Transmitted to the hot-melt ink layer 14 through the base sheet 13 of
The portion of the heat-melted ink layer 14 corresponding to the heat generating portion 5a is melted. The fused portion 14a is transferred to the recording paper 2 thereunder. As a result, in accordance with the recording signal voltage from the recording signal output unit 11, the fused portion 14a of the hot-melt ink layer 14
Can be transferred reliably and satisfactorily.

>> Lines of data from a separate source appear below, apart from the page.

(* Let $H\in\mathbb{R}^{n\times n}$ and $M\in\mathbb{R}^{m\times m}$ be symmetric positive semidefinite, $A\in\mathbb{R}^{m\times n}$, $b\in\mathbb{R}^m$, $c,q,r\in\mathbb{R}^n$. Assume $(x,y,z)$ satisfies $Hx+c-A^Ty-z=0$ and $Ax+My-b=0$. Let $l$ be an index and $\mathcal{B},\mathcal{N}$ index sets such that $\mathcal{B}$, $\{l\}$, $\mathcal{N}$ are pairwise disjoint with union $\{1,\dots,n\}$, and $x_{\mathcal{N}}+q_{\mathcal{N}}=0$, $z_{\mathcal{B}}+r_{\mathcal{B}}=0$. If $(\Delta x,\Delta y,\Delta z)$ satisfies $H\Delta x-A^T\Delta y-\Delta z=0$, $A\Delta x+M\Delta y=0$, $\Delta x_{\mathcal{N}}=0$, $\Delta z_{\mathcal{B}}=0$, then for all $\alpha\in\mathbb{R}$ the functions \[ f_P(x,y)=\tfrac12x^THx+\tfrac12y^TMy+c^Tx+r^Tx,\qquad f_D(x,y,z)=-\tfrac12x^THx-\tfrac12y^TMy+b^Ty-q^Tz \] satisfy \[ f_P(x+\alpha\Delta x,y+\alpha\Delta y)=f_P(x,y)+\Delta x_l(z_l+r_l)\alpha+\tfrac12\Delta x_l\Delta z_l\alpha^2, \] \[ f_D(x+\alpha\Delta x,y+\alpha\Delta y,z+\alpha\Delta z)=f_D(x,y,z)-\Delta z_l(x_l+q_l)\alpha-\tfrac12\Delta x_l\Delta z_l\alpha^2. \]
   Context: For an index set $S$ and a vector $w$, $w_S$ denotes the subvector of components of $w$ with indices in $S$. *)

From HB Require Import structures.
From mathcomp Require Import all_boot all_order all_algebra.
From mathcomp Require Import reals.
Set Implicit Arguments. Unset Strict Implicit. Unset Printing Implicit Defensive.
Import Order.TTheory GRing.Theory Num.Theory.
Local Open Scope ring_scope.

Definition dotv (R : realType) (n : nat) (u v : 'cV[R]_n) : R := (u^T *m v) 0 0.

Definition qform (R : realType) (n : nat) (H : 'M[R]_n) (x : 'cV[R]_n) : R :=
  (x^T *m H *m x) 0 0.

Definition psd (R : realType) (n : nat) (H : 'M[R]_n) : Prop :=
  H^T = H /\ forall v : 'cV[R]_n, 0 <= qform H v.

Definition fP (R : realType) (n m : nat) (H : 'M[R]_n) (M : 'M[R]_m)
  (c r : 'cV[R]_n) (x : 'cV[R]_n) (y : 'cV[R]_m) : R :=
  2^-1 * qform H x + 2^-1 * qform M y + dotv c x + dotv r x.

Definition fD (R : realType) (n m : nat) (H : 'M[R]_n) (M : 'M[R]_m)
  (b : 'cV[R]_m) (q : 'cV[R]_n) (x : 'cV[R]_n) (y : 'cV[R]_m) (z : 'cV[R]_n) : R :=
  - (2^-1 * qform H x) - 2^-1 * qform M y + dotv b y - dotv q z.

(** Along the line (x, y, z) + alpha (dx, dy, dz) both objectives are quadratic
    polynomials in alpha. The linear equations force the primal slope to be
    dx^T (z + r) and the dual slope to be -dz^T (x + q), and the curvature
    dx^T H dx + dy^T M dy to be dx^T dz. The index partition makes all three
    inner products collapse to their l-th term: off l, either dx_i = 0 (i in N)
    or dz_i = 0 and z_i + r_i = 0 (i in B), while x_i + q_i = 0 on N. *)

From HB Require Import structures.
From mathcomp Require Import all_boot all_order all_algebra.
From mathcomp Require Import reals.
From mathcomp Require Import ring.
Import Order.TTheory GRing.Theory Num.Theory.
Local Open Scope ring_scope.

Set Implicit Arguments. Unset Strict Implicit.

Section InnerProduct.
Variable R : realType.

Lemma dotvE (n : nat) (u v : 'cV[R]_n) : dotv u v = \sum_i u i 0 * v i 0.
Proof. by rewrite /dotv !mxE; apply: eq_bigr => i _; rewrite mxE. Qed.

Lemma dotvC (n : nat) (u v : 'cV[R]_n) : dotv u v = dotv v u.
Proof. by rewrite !dotvE; apply: eq_bigr => i _; rewrite mulrC. Qed.

Lemma dotvDr (n : nat) (u v w : 'cV[R]_n) : dotv u (v + w) = dotv u v + dotv u w.
Proof. by rewrite /dotv mulmxDr mxE. Qed.

Lemma dotvDl (n : nat) (u v w : 'cV[R]_n) : dotv (v + w) u = dotv v u + dotv w u.
Proof. by rewrite !(dotvC _ u) dotvDr. Qed.

Lemma dotvNr (n : nat) (u v : 'cV[R]_n) : dotv u (- v) = - dotv u v.
Proof. by rewrite /dotv mulmxN mxE. Qed.

Lemma dotvNl (n : nat) (u v : 'cV[R]_n) : dotv (- v) u = - dotv v u.
Proof. by rewrite !(dotvC _ u) dotvNr. Qed.

Lemma dotvZr (n : nat) (a : R) (u v : 'cV[R]_n) : dotv u (a *: v) = a * dotv u v.
Proof. by rewrite /dotv -scalemxAr mxE. Qed.

Lemma dotvZl (n : nat) (a : R) (u v : 'cV[R]_n) : dotv (a *: v) u = a * dotv v u.
Proof. by rewrite !(dotvC _ u) dotvZr. Qed.

Lemma dotv_mulmx (k n : nat) (P : 'M[R]_(k, n)) (u : 'cV[R]_k) (v : 'cV[R]_n) :
  dotv u (P *m v) = dotv (P^T *m u) v.
Proof. by rewrite /dotv trmx_mul trmxK mulmxA. Qed.

Lemma dotv_sym_mulmx (n : nat) (P : 'M[R]_n) (u v : 'cV[R]_n) :
  P^T = P -> dotv u (P *m v) = dotv v (P *m u).
Proof. by move=> PT; rewrite dotv_mulmx PT dotvC. Qed.

Lemma dotv_single_support (n : nat) (l : 'I_n) (u v : 'cV[R]_n) :
  (forall i, i != l -> u i 0 = 0 \/ v i 0 = 0) -> dotv u v = u l 0 * v l 0.
Proof.
move=> uv0; rewrite dotvE (bigD1 l) //= big1 ?addr0 // => i /uv0 [->|->].
  by rewrite mul0r.
by rewrite mulr0.
Qed.

Lemma qform_line (n : nat) (P : 'M[R]_n) (x d : 'cV[R]_n) (a : R) :
  P^T = P ->
  qform P (x + a *: d) = qform P x + 2 * a * dotv d (P *m x) + a ^+ 2 * qform P d.
Proof.
move=> PT; have qformE u : qform P u = dotv u (P *m u) by rewrite /dotv mulmxA.
rewrite !qformE mulmxDr -scalemxAr !(dotvDl, dotvDr, dotvZl, dotvZr).
rewrite (dotv_sym_mulmx x d PT); ring.
Qed.

End InnerProduct.

Section ObjectivesAlongLine.
Variables (R : realType) (n m : nat).
Variables (H : 'M[R]_n) (M : 'M[R]_m).
Hypotheses (HT : H^T = H) (MT : M^T = M).
Variables (x dx : 'cV[R]_n) (y dy : 'cV[R]_m) (a : R).

Lemma fP_line (c r : 'cV[R]_n) :
  fP H M c r (x + a *: dx) (y + a *: dy) = fP H M c r x y
    + a * (dotv dx (H *m x) + dotv dy (M *m y) + dotv dx (c + r))
    + 2^-1 * a ^+ 2 * (qform H dx + qform M dy).
Proof.
rewrite /fP !qform_line // !(dotvDr, dotvZr) !(dotvC _ dx).
by field; rewrite ?pnatr_eq0.
Qed.

Lemma fD_line (b : 'cV[R]_m) (q z dz : 'cV[R]_n) :
  fD H M b q (x + a *: dx) (y + a *: dy) (z + a *: dz) = fD H M b q x y z
    - a * (dotv dx (H *m x) + dotv dy (M *m y) - dotv b dy + dotv q dz)
    - 2^-1 * a ^+ 2 * (qform H dx + qform M dy).
Proof.
rewrite /fD !qform_line // !(dotvDr, dotvZr).
by field; rewrite ?pnatr_eq0.
Qed.

End ObjectivesAlongLine.
Section LinearizedKKT.
Variables (R : realType) (n m : nat).
Variables (H : 'M[R]_n) (M : 'M[R]_m) (A : 'M[R]_(m, n)) (b : 'cV[R]_m).
Variables (c q r x z dx dz : 'cV[R]_n) (y dy : 'cV[R]_m).
Hypotheses (HT : H^T = H) (MT : M^T = M).
Hypothesis stationary : H *m x + c - A^T *m y - z = 0.
Hypothesis feasible : A *m x + M *m y - b = 0.
Hypothesis stationary_dir : H *m dx - A^T *m dy - dz = 0.
Hypothesis feasible_dir : A *m dx + M *m dy = 0.

Let eq_z : z = H *m x + c - A^T *m y.
Proof. by apply/eqP; rewrite eq_sym -subr_eq0 stationary. Qed.

Let eq_b : b = A *m x + M *m y.
Proof. by apply/eqP; rewrite eq_sym -subr_eq0 feasible. Qed.

Let eq_dz : dz = H *m dx - A^T *m dy.
Proof. by apply/eqP; rewrite eq_sym -subr_eq0 stationary_dir. Qed.

Let eq_Mdy : M *m dy = - (A *m dx).
Proof. by apply/eqP; rewrite -addr_eq0 addrC feasible_dir. Qed.

Lemma primal_slope :
  dotv dx (H *m x) + dotv dy (M *m y) + dotv dx (c + r) = dotv dx (z + r).
Proof.
rewrite eq_z (dotv_sym_mulmx _ _ MT) eq_Mdy dotvNr (dotv_mulmx A) (dotvC _ dx).
by rewrite !(dotvDr, dotvNr); ring.
Qed.

Lemma dual_slope :
  dotv dx (H *m x) + dotv dy (M *m y) - dotv b dy + dotv q dz = dotv dz (x + q).
Proof.
rewrite eq_b eq_dz !(dotvDl, dotvDr, dotvNl, dotvNr).
rewrite (dotvC (A *m x)) (dotv_mulmx A) (dotvC (M *m y)) (dotvC (H *m dx) x).
rewrite (dotv_sym_mulmx x _ HT) !(dotvC q); ring.
Qed.

Lemma curvature_eq : qform H dx + qform M dy = dotv dx dz.
Proof.
rewrite /qform -!mulmxA -!/(dotv _ _) eq_dz eq_Mdy dotvNr.
by rewrite (dotv_mulmx A) (dotvC _ dx) dotvDr dotvNr.
Qed.

End LinearizedKKT.


Theorem proposition11 (R : realType) (n m : nat)
  (H : 'M[R]_n) (M : 'M[R]_m) (A : 'M[R]_(m, n)) (b : 'cV[R]_m)
  (c q r : 'cV[R]_n) (x : 'cV[R]_n) (y : 'cV[R]_m) (z : 'cV[R]_n)
  (l : 'I_n) (B N : {set 'I_n})
  (dx : 'cV[R]_n) (dy : 'cV[R]_m) (dz : 'cV[R]_n) :
  psd H -> psd M ->
  H *m x + c - A^T *m y - z = 0 ->
  A *m x + M *m y - b = 0 ->
  [disjoint B & [set l]] -> [disjoint B & N] -> [disjoint [set l] & N] ->
  B :|: [set l] :|: N = [set: 'I_n] ->
  (forall i, i \in N -> x i 0 + q i 0 = 0) ->
  (forall i, i \in B -> z i 0 + r i 0 = 0) ->
  H *m dx - A^T *m dy - dz = 0 ->
  A *m dx + M *m dy = 0 ->
  (forall i, i \in N -> dx i 0 = 0) ->
  (forall i, i \in B -> dz i 0 = 0) ->
  forall alpha : R,
    fP H M c r (x + alpha *: dx) (y + alpha *: dy)
      = fP H M c r x y + dx l 0 * (z l 0 + r l 0) * alpha
        + 2^-1 * dx l 0 * dz l 0 * alpha ^+ 2
    /\
    fD H M b q (x + alpha *: dx) (y + alpha *: dy) (z + alpha *: dz)
      = fD H M b q x y z - dz l 0 * (x l 0 + q l 0) * alpha
        - 2^-1 * dx l 0 * dz l 0 * alpha ^+ 2.
Proof.
move=> [HT _] [MT _] stat feas _ _ _ cover xqN zrB stat_dir feas_dir dxN dzB a.
have off_l i : i != l -> (i \in B) || (i \in N).
  by move=> il; move: (in_setT i); rewrite -cover !inE (negbTE il) orbF.
have dx_zr : dotv dx (z + r) = dx l 0 * (z l 0 + r l 0).
  rewrite (dotv_single_support (l := l)) ?mxE // => i /off_l /orP[iB|iN].
    by right; rewrite !mxE zrB.
  by left; rewrite dxN.
have dz_xq : dotv dz (x + q) = dz l 0 * (x l 0 + q l 0).
  rewrite (dotv_single_support (l := l)) ?mxE // => i /off_l /orP[iB|iN].
    by left; rewrite dzB.
  by right; rewrite !mxE xqN.
have dx_dz : dotv dx dz = dx l 0 * dz l 0.
  apply: dotv_single_support => i /off_l /orP[iB|iN].
    by right; rewrite dzB.
  by left; rewrite dxN.
rewrite fP_line // fD_line // (primal_slope r MT stat feas_dir).
rewrite (dual_slope q HT feas stat_dir) (curvature_eq stat_dir feas_dir).
by rewrite dx_zr dz_xq dx_dz; split; ring.
Qed.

Therefore, according to the print head 1 as described above, the first electrode body 4 is folded in a “U” shape, and the second electrode body 6 is arranged at the folded portion with the heat generating resistance layer 5 interposed therebetween. It has a simple structure, excellent productivity, and can be manufactured at low cost. In particular, the first electrode body 4 is made of a heat-resistant film 7.
When a large number of recording electrodes 8 are formed on the surface of the substrate, the heating resistance layers 5 can also be formed at the same time, so that the production is further facilitated and the assembling workability is improved. Further, since the return electrode 9 itself is formed of a metal plate, the second electrode body 6 can be easily manufactured and can have a spring property itself.
Can be satisfactorily pressed against the thermal transfer sheet 3 on the recording paper 2.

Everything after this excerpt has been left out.